METHODS: Sixteen healthy 3-week-old male C57BL/6 mice were randomly divided into two groups: control group and aortic dissection group, with eight mice in each group. In the aortic dissection group, mice were given β-aminopropionitrile monofumarate as drinking water for 4 weeks, and the angiotensin II microinfiltration pump was then implanted to establish an animal model of aortic dissection. Mice in the control group were given normal diet and water. After the model was established, the maximum diameter of the ascending aorta was measured, hematoxylin-eosin staining and EVG staining were performed to evaluate the model formation rate, and the levels of inflammatory factors tumor necrosis factor α and interleukin 6 in serum were detected by enzyme-linked immunosorbent assay. The hippocampus was dissected and stained with hematoxylin-eosin to observe the pathological changes of the hippocampus in brain sections. The protein expression of tumor necrosis factor α, nuclear factor κB and ionized calcium binding adaptor molecule-1 was detected by western blot analysis.

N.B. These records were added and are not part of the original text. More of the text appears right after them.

Lemma eventually_forall_lt K (P : nat -> nat -> Prop) :
  (forall k, (k < K)%nat -> exists N0, forall N, (N0 <= N)%nat -> P k N) ->
  exists N0, forall N, (N0 <= N)%nat -> forall k, (k < K)%nat -> P k N.
Proof.
  induction K as [|K IH]; intros H; [exists O; intros; lia|].
  destruct IH as [N1 H1]; [intros; apply H; lia|].
  destruct (H K ltac:(lia)) as [N2 H2]. exists (Nat.max N1 N2). intros N HN k Hk.
  destruct (Nat.eq_dec k K) as [->|]; [apply H2|apply H1]; lia.
Qed.

(* Summed over all of N the left-hand side is exactly exp ((l - mu) ^ 2 / mu). *)
Lemma pois_chi2_factor_le l mu N : 0 <= l -> 0 < mu ->
  fsum (S N) (fun a => pois l a ^ 2 / pois mu a) <= exp ((l - mu) ^ 2 / mu).
Proof.
  intros Hl Hmu.
  rewrite (fsum_ext _ _ (fun a => exp (- (2 * l) + mu) * (/ INR (fact a) * (l * l / mu) ^ a))).
  - rewrite fsum_scal, fsum_sum_f_R0. fold (E1 (l * l / mu) N).
    replace ((l - mu) ^ 2 / mu) with ((- (2 * l) + mu) + l * l / mu) by (field; lra).
    rewrite (exp_plus _ (l * l / mu)). apply Rmult_le_compat_l; [left; apply exp_pos|].
    apply E1_le_exp. apply Rmult_le_pos; [nra|left; apply Rinv_0_lt_compat; lra].
  - intros a _. unfold pois, Rdiv. rewrite !Rpow_mult_distr, !pow_inv, exp_plus, !exp_Ropp.
    replace (2 * l) with (l + l) by ring. rewrite exp_plus.
    pose proof (exp_pos l). pose proof (exp_pos mu). pose proof (fact_INR_pos a).
    assert (0 < mu ^ a) by (apply pow_lt; lra).
    field. repeat split; lra.
Qed.

Lemma lik_pos lam y : (forall k, (k < length y)%nat -> 0 < lam k) -> 0 < lik lam y.
Proof. intros H. apply (prodl_pos (fun i => pois (lam i))). intros; now apply pois_pos, H. Qed.

Lemma lik_nonneg lam y : (forall k, (k < length y)%nat -> 0 <= lam k) -> 0 <= lik lam y.
Proof. intros H. apply (prodl_nonneg (fun i => pois (lam i))). intros; now apply pois_nonneg, H. Qed.

Lemma lik_mass_le1 n N lam : (forall k, (k < n)%nat -> 0 <= lam k) -> boxsum n N (lik lam) <= 1.
Proof.
  intros H. change (boxsum n N (prodl (fun i => pois (lam i))) <= 1). rewrite boxsum_prodl.
  apply fprod_le1; intros k Hk. split.
  - apply fsum_nonneg; intros; now apply pois_nonneg, H.
  - now apply pois_mass_le1, H.
Qed.

Lemma lik_mass_ge_1_sub n N lam e : 0 <= e <= 1 ->
  (forall k, (k < n)%nat -> 0 <= lam k /\ 1 - e <= fsum (S N) (pois (lam k))) ->
  1 - INR n * e <= boxsum n N (lik lam).
Proof.
  intros He H. change (1 - INR n * e <= boxsum n N (prodl (fun i => pois (lam i)))).
  rewrite boxsum_prodl. apply fprod_ge_1_sub; [exact He|].
  intros k Hk. destruct (H k Hk). split; [assumption|now apply pois_mass_le1].
Qed.
(* Let $k,r\geq 1$, let $1\le a\le b\le k$, let $1\le d\le r$, and let $I_d\subseteq\{1,\dots,r\}$ with $|I_d|=d$. Then for every $n\geq k$, $$\Bigl|S_n^{(r)}\Bigl(\bigcup_{m=a}^{b}T_{k,r}^m(I_d)\Bigr)\Bigr|=(k-1)!\,r^{k-1}\prod_{j=k}^n\bigl(d(k+a-b-1)+j(r-d)\bigr).$$
   Context: For $n,r\ge1$, $S_n^{(r)}$ denotes the set of coloured permutations of length $n$ with $r$ colours: sequences $\phi=(\phi_1,\dots,\phi_n)$ where $\phi_i=a_i^{(c_i)}$, $(a_1,\dots,a_n)$ is a permutation of $\{1,\dots,n\}$ and each $c_i\in\{1,\dots,r\}$ is the colour of $a_i$. For $\phi=(\tau_1^{(s_1)},\dots,\tau_k^{(s_k)})\in S_k^{(r)}$ and $\psi=(\alpha_1^{(v_1)},\dots,\alpha_n^{(v_n)})\in S_n^{(r)}$, an occurrence of $\phi$ in $\psi$ is a sequence of indices $1\le i_1<\dots<i_k\le n$ such that $(\alpha_{i_1},\dots,\alpha_{i_k})$ is order-isomorphic to $(\tau_1,\dots,\tau_k)$ and $v_{i_j}=s_j$ for all $j$. $\psi$ contains $\phi$ if there is at least one occurrence, and avoids $\phi$ otherwise. For a set $T$ of coloured patterns, $S_n^{(r)}(T)$ is the set of $\psi\in S_n^{(r)}$ avoiding every $\phi\in T$. For $I_d\subseteq\{1,\dots,r\}$ with $|I_d|=d$ and $1\le m\le k$, $T_{k,r}^m(I_d)$ is the set of all $\phi\in S_k^{(r)}$ whose first entry is $\phi_1=m^{(c)}$ for some colour $c\in I_d$. *)

From mathcomp Require Import all_boot all_fingroup.
Set Implicit Arguments. Unset Strict Implicit. Unset Printing Implicit Defensive.

(* A coloured permutation of length n with r colours, 0-indexed:
   positions are 'I_n, the underlying permutation p maps position i to the
   value a_{i+1} - 1, and c i : 'I_r is the colour minus 1. *)
Definition cperm (n r : nat) : finType := ({perm 'I_n} * {ffun 'I_n -> 'I_r})%type.

Definition occurrence (k n r : nat) (phi : cperm k r) (psi : cperm n r)
  (f : {ffun 'I_k -> 'I_n}) : bool :=
  [forall j : 'I_k, forall j' : 'I_k, (j < j') ==> (f j < f j')] &&
  [forall j : 'I_k, forall j' : 'I_k,
     (psi.1 (f j) < psi.1 (f j')) == (phi.1 j < phi.1 j')] &&
  [forall j : 'I_k, psi.2 (f j) == phi.2 j].

Definition contains (k n r : nat) (phi : cperm k r) (psi : cperm n r) : bool :=
  [exists f : {ffun 'I_k -> 'I_n}, occurrence phi psi f].

Definition avoiders (k n r : nat) (T : pred (cperm k r)) : {set cperm n r} :=
  [set psi : cperm n r | [forall phi : cperm k r, T phi ==> ~~ contains phi psi]].

(* T_{k,r}^m(I): first entry is m^{(c)} with c in I (1-indexed m, colour). *)
Definition inT (k r m : nat) (I : {set 'I_r}) (phi : cperm k r) : bool :=
  [exists i : 'I_k, [&& val i == 0, (val (phi.1 i)).+1 == m & phi.2 i \in I]].

Definition inTunion (k r a b : nat) (I : {set 'I_r}) (phi : cperm k r) : bool :=
  [exists m : 'I_b.+1, (a <= m) && inT m I phi].

From mathcomp Require Import all_boot all_order all_fingroup zify.
Set Implicit Arguments. Unset Strict Implicit. Unset Printing Implicit Defensive.

(* Split a coloured permutation psi of length n+1 into its first entry v^(c)
   and the standardised rest. Every pattern of the union T starts with an entry
   of value m in [a, b] and colour in I, so an occurrence of it either lies in
   the rest or begins at the first entry of psi. The latter is possible exactly
   when c is in I, psi has at least k entries, and at least a-1 smaller and
   k-b larger values follow v: then the k entries whose values fill a suitable
   window around v form a pattern of T. So psi avoids T iff its rest does and
   its first entry is one of the (n+1) r - d (n+1 - (k+a-b-1)) allowed ones
   (all (n+1) r when n+1 < k), and the formula follows by induction on n. *)

Lemma card_ord_window N lo len : lo + len <= N ->
  #|[set y : 'I_N | lo <= y < lo + len]| = len.
Proof.
move=> le_N; have lt_N (i : 'I_len) : lo + i < N by rewrite (leq_trans _ le_N) ?ltn_add2l.
have -> : [set y : 'I_N | lo <= y < lo + len] = [set Ordinal (lt_N i) | i : 'I_len].
  apply/setP => y; rewrite inE; apply/idP/imsetP => [/andP[ge_y lt_y] | [i _ ->]].
    have lt_len : y - lo < len by lia.
    by exists (Ordinal lt_len); last by apply: val_inj => /=; lia.
  by rewrite /= leq_addr ltn_add2l ltn_ord.
by rewrite card_imset ?card_ord // => i j [/addnI/val_inj].
Qed.

Lemma card_perm_window N (s : {perm 'I_N}) lo len : lo + len <= N ->
  #|[set i | lo <= s i < lo + len]| = len.
Proof.
move=> le_N; rewrite -[X in _ = X](card_ord_window le_N).
rewrite -[X in _ = X](card_preimset _ (@perm_inj _ s)).
by apply: eq_card => i; rewrite !inE.
Qed.
(* Let $k$ be a unital commutative ring, $n$ a positive integer, and let $\varepsilon\in k$ be invertible. Then there is an isomorphism of graded $k$-modules \[\operatorname{Ext}^{\star}_{\mathcal{R}_n(\varepsilon)}(\mathbf{1},\mathbf{1})\cong H^\star(\Sigma_n,\mathbf{1}).\]
   Context: A rook $n$-diagram is a graph on vertices $1,\dots,n$ (left column, top to bottom) and $\bar1,\dots,\bar n$ (right column) each of whose connected components is either an isolated vertex or a single edge joining a left vertex to a right vertex (a propagating edge). The rook algebra $\mathcal{R}_n(\varepsilon)$ is the free $k$-module on rook $n$-diagrams with product: identify the right column of $d_1$ with the left column of $d_2$ (middle column); let $\beta$ be the number of connected components lying entirely in the middle column (isolated middle vertices); let $d_3$ join two outer vertices iff they are joined by a path; $d_1d_2=\varepsilon^\beta d_3$. The identity has edges $\{i,\bar i\}$. The augmentation $\tau$ sends diagrams with $n$ propagating edges to $1$ and all others to $0$; $\mathbf{1}$ is $k$ with the algebra acting via $\tau$. $H^\star(\Sigma_n,\mathbf{1})$ is group cohomology with trivial coefficients $k$. *)

From HB Require Import structures.
From mathcomp Require Import all_boot all_order all_algebra all_fingroup.
Set Implicit Arguments. Unset Strict Implicit. Unset Printing Implicit Defensive.
Import GRing.Theory.
Local Open Scope ring_scope.

(* Bar-complex cohomology of an augmented k-algebra A that is free     *)
(* over k with a basis D closed under multiplication up to a scalar:   *)
(* mul a b = (c, d) means a * b = c * d in A; aug : D -> k is the      *)
(* augmentation on basis elements (k is the module 1 via aug).         *)
(* Since A and k are k-free, Ext^q_A(1,1) is the q-th cohomology of    *)
(* Hom_A(Bar(A) (x)_A 1, 1) = Hom_k(A^{(x)q}, k) = functions D^q -> k, *)
(* with the bar differential                                           *)
(*  (df)(a1..a_{q+1}) = aug a1 f(a2..) + sum_i (-1)^i f(..a_i a_{i+1}..)*)
(*                      + (-1)^{q+1} f(a1..a_q) aug a_{q+1}.            *)
(* A degree-q cochain is a function seq D -> k, only its values on     *)
(* sequences of size q matter.                                         *)

Section Bar.
Variables (k : comPzRingType) (D : Type) (mul : D -> D -> k * D) (aug : D -> k).

Definition bar_merge (f : seq D -> k) (s : seq D) (i : nat) : k :=
  match drop i s with
  | a :: b :: r => (mul a b).1 * f (take i s ++ (mul a b).2 :: r)
  | _ => 0
  end.

Definition bar_delta (q : nat) (f : seq D -> k) (s : seq D) : k :=
  (match s with x :: t => aug x * f t | [::] => 0 end)
  + \sum_(i < q) (-1) ^+ i.+1 * bar_merge f s i
  + (match s with x :: t => (-1) ^+ q.+1 * f (take q s) * aug (last x t)
                | [::] => 0 end).

Definition is_cocycle (q : nat) (f : seq D -> k) : Prop :=
  forall s, size s = q.+1 -> bar_delta q f s = 0.

Definition is_coboundary (q : nat) (f : seq D -> k) : Prop :=
  match q with
  | 0 => forall s, size s = 0 -> f s = 0
  | p.+1 => exists y : seq D -> k,
      forall s, size s = p.+1 -> bar_delta p y s = f s
  end.

End Bar.

(* phi : C1 -> C2 induces a well-defined k-linear map H^q_1 -> H^q_2 *)
Definition induces_hom (k : comPzRingType) (D1 D2 : Type)
  (mul1 : D1 -> D1 -> k * D1) (aug1 : D1 -> k)
  (mul2 : D2 -> D2 -> k * D2) (aug2 : D2 -> k) (q : nat)
  (phi : (seq D1 -> k) -> (seq D2 -> k)) : Prop :=
  [/\ forall z, is_cocycle mul1 aug1 q z -> is_cocycle mul2 aug2 q (phi z),
      forall z, is_coboundary mul1 aug1 q z -> is_coboundary mul2 aug2 q (phi z)
    & forall (c : k) z z', is_cocycle mul1 aug1 q z -> is_cocycle mul1 aug1 q z' ->
        is_coboundary mul2 aug2 q
          (fun s => phi (fun t => c * z t + z' t) s - (c * phi z s + phi z' s))].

RESULTS AND CONCLUSION: (1) Compared with the control group, the maximum diameter of the ascending aorta in the aortic dissection group was significantly enlarged. (2) Hematoxylin-eosin staining of the aorta showed obvious thickening of the middle aorta and destruction and disorder of the aortic wall structure in mice. Neurons in the CA1 and CA3 regions of mice were sparsely arranged, reduced in size, and showed pyknosis with deeply stained nuclei. (3) Serum levels of inflammatory factors tumor necrosis factor α and interleukin 6 were increased in the aortic dissection group compared with the control group (P < 0.01). (4) The expression levels of tumor necrosis factor α, nuclear factor κB, phosphorylated nuclear factor κB, and ionized calcium binding adaptor molecule-1 in the hippocampus were increased in the aortic dissection group compared with the control group (P < 0.05). To conclude, microglial activation and increased expression of tumor necrosis factor α and nuclear factor κB may be involved in hippocampal neuron injury in aortic dissection mice. 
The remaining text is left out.